_EXERCISE BRIEF:_
When the line containing "Definition gminus (f" appears in the data below, begin copying there and stop only after the line containing "(* on face functions: faces".

-------------------------

(* Assume $\mathcal M_1=\mathcal M_2=1$ and take $A_1=2\chi_{13}^2+\tfrac12(\chi_{12}-\chi_{13}-\chi_{23})^2$, $A_2=2\chi_{23}^2+\tfrac12(\chi_{12}-\chi_{13}-\chi_{23})^2$. Let $n\ge1$ and let $(\phi_1^k,\phi_2^k)\in\vec{\mathcal C}^{\mathcal G}_{\rm per}$, $k=n-1,n,n+1$, with $\overline{\phi_i^{n-1}}=\overline{\phi_i^{n}}=\overline{\phi_i^{n+1}}$ ($i=1,2$), where $(\phi_1^{n+1},\phi_2^{n+1})$ solves the BDF2 scheme at step $n+1$. Define, for $m\ge0$, $F_h^{m+1}=G_h(\phi_1^{m+1},\phi_2^{m+1})+\frac{3}{4\Delta t}\big(\|\phi_1^{m+1}-\phi_1^m\|_{-1,h}^2+\|\phi_2^{m+1}-\phi_2^m\|_{-1,h}^2\big)+\chi_{13}\|\phi_1^{m+1}-\phi_1^m\|_2^2+\chi_{23}\|\phi_2^{m+1}-\phi_2^m\|_2^2.$ Then $F_h^{n+1}\le F_h^{n}$.
   Context: Discrete setting. Fix $L>0$, $N\in\mathbb N$, $h=L/N$, $\Omega=(0,L)^2$. $\mathcal C_{\rm per}$ is the space of real grid functions $\nu=(\nu_{i,j})_{i,j\in\mathbb Z}$ with $\nu_{i+aN,j+bN}=\nu_{i,j}$ for all integers $i,j,a,b$ ($\nu_{i,j}$ is the value at the cell centre $((i-\tfrac12)h,(j-\tfrac12)h)$); periodic face-centred functions are indexed by $(i+\frac12,j)$ (east-west faces) or $(i,j+\frac12)$ (north-south faces). Define $(A_x\nu)_{i+\frac12,j}=\tfrac12(\nu_{i+1,j}+\nu_{i,j})$, $(D_x\nu)_{i+\frac12,j}=\tfrac1h(\nu_{i+1,j}-\nu_{i,j})$, and for east-west face functions $f$, $(a_xf)_{i,j}=\tfrac12(f_{i+\frac12,j}+f_{i-\frac12,j})$, $(d_xf)_{i,j}=\tfrac1h(f_{i+\frac12,j}-f_{i-\frac12,j})$; $A_y,D_y,a_y,d_y$ are defined analogously in the second index. $\nabla_h\nu=(D_x\nu,D_y\nu)$, $\nabla_h\cdot(f^x,f^y)=d_xf^x+d_yf^y$, $\Delta_h\nu=d_x(D_x\nu)+d_y(D_y\nu)$ (the 5-point Laplacian). For $\nu,\xi\in\mathcal C_{\rm per}$: $\langle\nu,\xi\rangle=h^2\sum_{i,j=1}^N\nu_{i,j}\xi_{i,j}$, $\|\nu\|_2=\langle\nu,\nu\rangle^{1/2}$, $\|\nu\|_\infty=\max_{1\le i,j\le N}|\nu_{i,j}|$, $\|\nabla_h\nu\|_2^2=\langle a_x((D_x\nu)^2)+a_y((D_y\nu)^2),1\rangle$, $\overline{\nu}=|\Omega|^{-1}\langle\nu,1\rangle$. For $\overline\nu=0$, $(-\Delta_h)^{-1}\nu$ denotes the unique mean-zero $\psi\in\mathcal C_{\rm per}$ with $-\Delta_h\psi=\nu$; for mean-zero $\nu,\xi$, $\langle\nu,\xi\rangle_{-1,h}=\langle\nu,(-\Delta_h)^{-1}\xi\rangle$ and $\|\nu\|_{-1,h}=\langle\nu,\nu\rangle_{-1,h}^{1/2}$. Functions of grid functions (products, quotients, $\ln$) act pointwise. Model. $M_0,N_0>0$, $\alpha=\pi((M_0/\pi)^{1/2}+N_0/2)^2$, $\beta=2(M_0/\pi)^{1/2}+N_0$; $\varepsilon_1,\varepsilon_2,\varepsilon_3>0$; $\chi_{12},\chi_{13},\chi_{23}>0$ with $4\chi_{13}\chi_{23}-(\chi_{12}-\chi_{13}-\chi_{23})^2>0$; mobilities $\mathcal M_1,\mathcal M_2>0$. For $a,b>0$, $a+b<1$: $S(a,b)=\frac{a}{M_0}\ln\frac{\alpha a}{M_0}+\frac{b}{N_0}\ln\frac{\beta b}{N_0}+(1-a-b)\ln(1-a-b)$, $H(a,b)=\chi_{12}ab+\chi_{13}a(1-a-b)+\chi_{23}b(1-a-b)$; thus $\partial_aS=\frac1{M_0}\ln\frac{\alpha a}{M_0}+\frac1{M_0}-\ln(1-a-b)-1$, $\partial_bS=\frac1{N_0}\ln\frac{\beta b}{N_0}+\frac1{N_0}-\ln(1-a-b)-1$, $\partial_aH=\chi_{13}-2\chi_{13}a+(\chi_{12}-\chi_{13}-\chi_{23})b$, $\partial_bH=\chi_{23}-2\chi_{23}b+(\chi_{12}-\chi_{13}-\chi_{23})a$. $\kappa(s)=1/(36s)$. The Gibbs triangle is $\mathcal G=\{(a,b):a>0,b>0,a+b<1\}$, and $\vec{\mathcal C}^{\mathcal G}_{\rm per}$ is the set of pairs $(\phi_1,\phi_2)\in\mathcal C_{\rm per}^2$ with $((\phi_1)_{i,j},(\phi_2)_{i,j})\in\mathcal G$ for all $i,j$. For such a pair set $u_1=\phi_1$, $u_2=\phi_2$, $u_3=1-\phi_1-\phi_2$ and, for $k=1,2,3$, $T_k(\phi_1,\phi_2)=a_x(\kappa'(A_xu_k)(D_xu_k)^2)-2d_x(\kappa(A_xu_k)D_xu_k)+a_y(\kappa'(A_yu_k)(D_yu_k)^2)-2d_y(\kappa(A_yu_k)D_yu_k)$. Discrete energy: $G_h(\phi_1,\phi_2)=\langle S(\phi_1,\phi_2)+H(\phi_1,\phi_2),1\rangle+\sum_{k=1}^3\varepsilon_k^2\langle a_x(\kappa(A_xu_k)(D_xu_k)^2)+a_y(\kappa(A_yu_k)(D_yu_k)^2),1\rangle$. Convex-part derivatives: $\delta_{\phi_1}G_{h,c}(\phi_1,\phi_2)=\partial_aS(\phi_1,\phi_2)+\varepsilon_1^2T_1-\varepsilon_3^2T_3$, $\delta_{\phi_2}G_{h,c}(\phi_1,\phi_2)=\partial_bS(\phi_1,\phi_2)+\varepsilon_2^2T_2-\varepsilon_3^2T_3$. BDF2 scheme. Fix $\Delta t>0$ and constants $A_1,A_2\ge0$. For $n\ge1$, given $(\phi_1^{k},\phi_2^{k})$, $k=n-1,n$, set $\hat\phi_i^n=2\phi_i^n-\phi_i^{n-1}$. A pair $(\phi_1^{n+1},\phi_2^{n+1})\in\vec{\mathcal C}^{\mathcal G}_{\rm per}$ solves the scheme at step $n+1$ if for $i=1,2$: $\frac{3\phi_i^{n+1}-4\phi_i^n+\phi_i^{n-1}}{2\Delta t}=\mathcal M_i\Delta_h\mu_i^{n+1}$, where $\mu_1^{n+1}=\delta_{\phi_1}G_{h,c}(\phi_1^{n+1},\phi_2^{n+1})+\partial_aH(\hat\phi_1^n,\hat\phi_2^n)-A_1\Delta t\,\Delta_h(\phi_1^{n+1}-\phi_1^n)$ and $\mu_2^{n+1}=\delta_{\phi_2}G_{h,c}(\phi_1^{n+1},\phi_2^{n+1})+\partial_bH(\hat\phi_1^n,\hat\phi_2^n)-A_2\Delta t\,\Delta_h(\phi_2^{n+1}-\phi_2^n)$. *)

From Stdlib Require Import Reals ZArith List ClassicalEpsilon.
Open Scope R_scope.

(* Cell-centred: f i j is the value at cell
   (i,j).  East-west face functions: g i j is the value at face (i+1/2, j).
   North-south face functions: g i j is the value at face (i, j+1/2). *)
Definition grid := Z -> Z -> R.

Definition periodic (N : nat) (f : grid) : Prop :=
  forall i j a b : Z,
    f (i + a * Z.of_nat N)%Z (j + b * Z.of_nat N)%Z = f i j.

Definition gplus (f g : grid) : grid := fun i j => f i j + g i j.
Definition gminus (f g : grid) : grid := fun i j => f i j - g i j.
Definition gconst (c : R) : grid := fun _ _ => c.

Definition Ax (f : grid) : grid := fun i j => (f (i + 1)%Z j + f i j) / 2.
Definition Ay (f : grid) : grid := fun i j => (f i (j + 1)%Z + f i j) / 2.
Definition Dx (h : R) (f : grid) : grid := fun i j => (f (i + 1)%Z j - f i j) / h.
Definition Dy (h : R) (f : grid) : grid := fun i j => (f i (j + 1)%Z - f i j) / h.
(* on face functions: faces i+1/2 -> g i, i-1/2 -> g (i-1) *)
Definition ax (g : grid) : grid := fun i j => (g i j + g (i - 1)%Z j) / 2.
Definition ay (g : grid) : grid := fun i j => (g i j + g i (j - 1)%Z) / 2.
Definition dx (h : R) (g : grid) : grid := fun i j => (g i j - g (i - 1)%Z j) / h.
Definition dy (h : R) (g : grid) : grid := fun i j => (g i j - g i (j - 1)%Z) / h.

Definition lap (h : R) (f : grid) : grid :=
  fun i j => dx h (Dx h f) i j + dy h (Dy h f) i j.

Definition sum1N (N : nat) (F : Z -> R) : R :=
  fold_right Rplus 0 (map (fun k => F (Z.of_nat k + 1)%Z) (seq 0 N)).

Definition inner (h : R) (N : nat) (f g : grid) : R :=
  h ^ 2 * sum1N N (fun i => sum1N N (fun j => f i j * g i j)).

Definition mean (L : R) (N : nat) (f : grid) : R :=
  inner (L / INR N) N f (gconst 1) / (L ^ 2).

(* (-Delta_h)^{-1} nu: the (unique, for mean-zero nu) periodic mean-zero psi
   with -Delta_h psi = nu; chosen by Hilbert's epsilon. *)
Definition inv_neg_lap (L : R) (N : nat) (nu : grid) : grid :=
  epsilon (inhabits (gconst 0))
    (fun psi => periodic N psi /\ mean L N psi = 0 /\
                forall i j, - lap (L / INR N) psi i j = nu i j).

Definition neg1_sq (L : R) (N : nat) (nu : grid) : R :=
  inner (L / INR N) N nu (inv_neg_lap L N nu).

Definition l2_sq (L : R) (N : nat) (nu : grid) : R :=
  inner (L / INR N) N nu nu.

Definition alpha (M0 N0 : R) : R := PI * (sqrt (M0 / PI) + N0 / 2) ^ 2.
Definition beta (M0 N0 : R) : R := 2 * sqrt (M0 / PI) + N0.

-------------------------

_TASK ANSWER:_
Definition gminus (f g : grid) : grid := fun i j => f i j - g i j.
Definition gconst (c : R) : grid := fun _ _ => c.

Definition Ax (f : grid) : grid := fun i j => (f (i + 1)%Z j + f i j) / 2.
Definition Ay (f : grid) : grid := fun i j => (f i (j + 1)%Z + f i j) / 2.
Definition Dx (h : R) (f : grid) : grid := fun i j => (f (i + 1)%Z j - f i j) / h.
Definition Dy (h : R) (f : grid) : grid := fun i j => (f i (j + 1)%Z - f i j) / h.
(* on face functions: faces i+1/2 -> g i, i-1/2 -> g (i-1) *)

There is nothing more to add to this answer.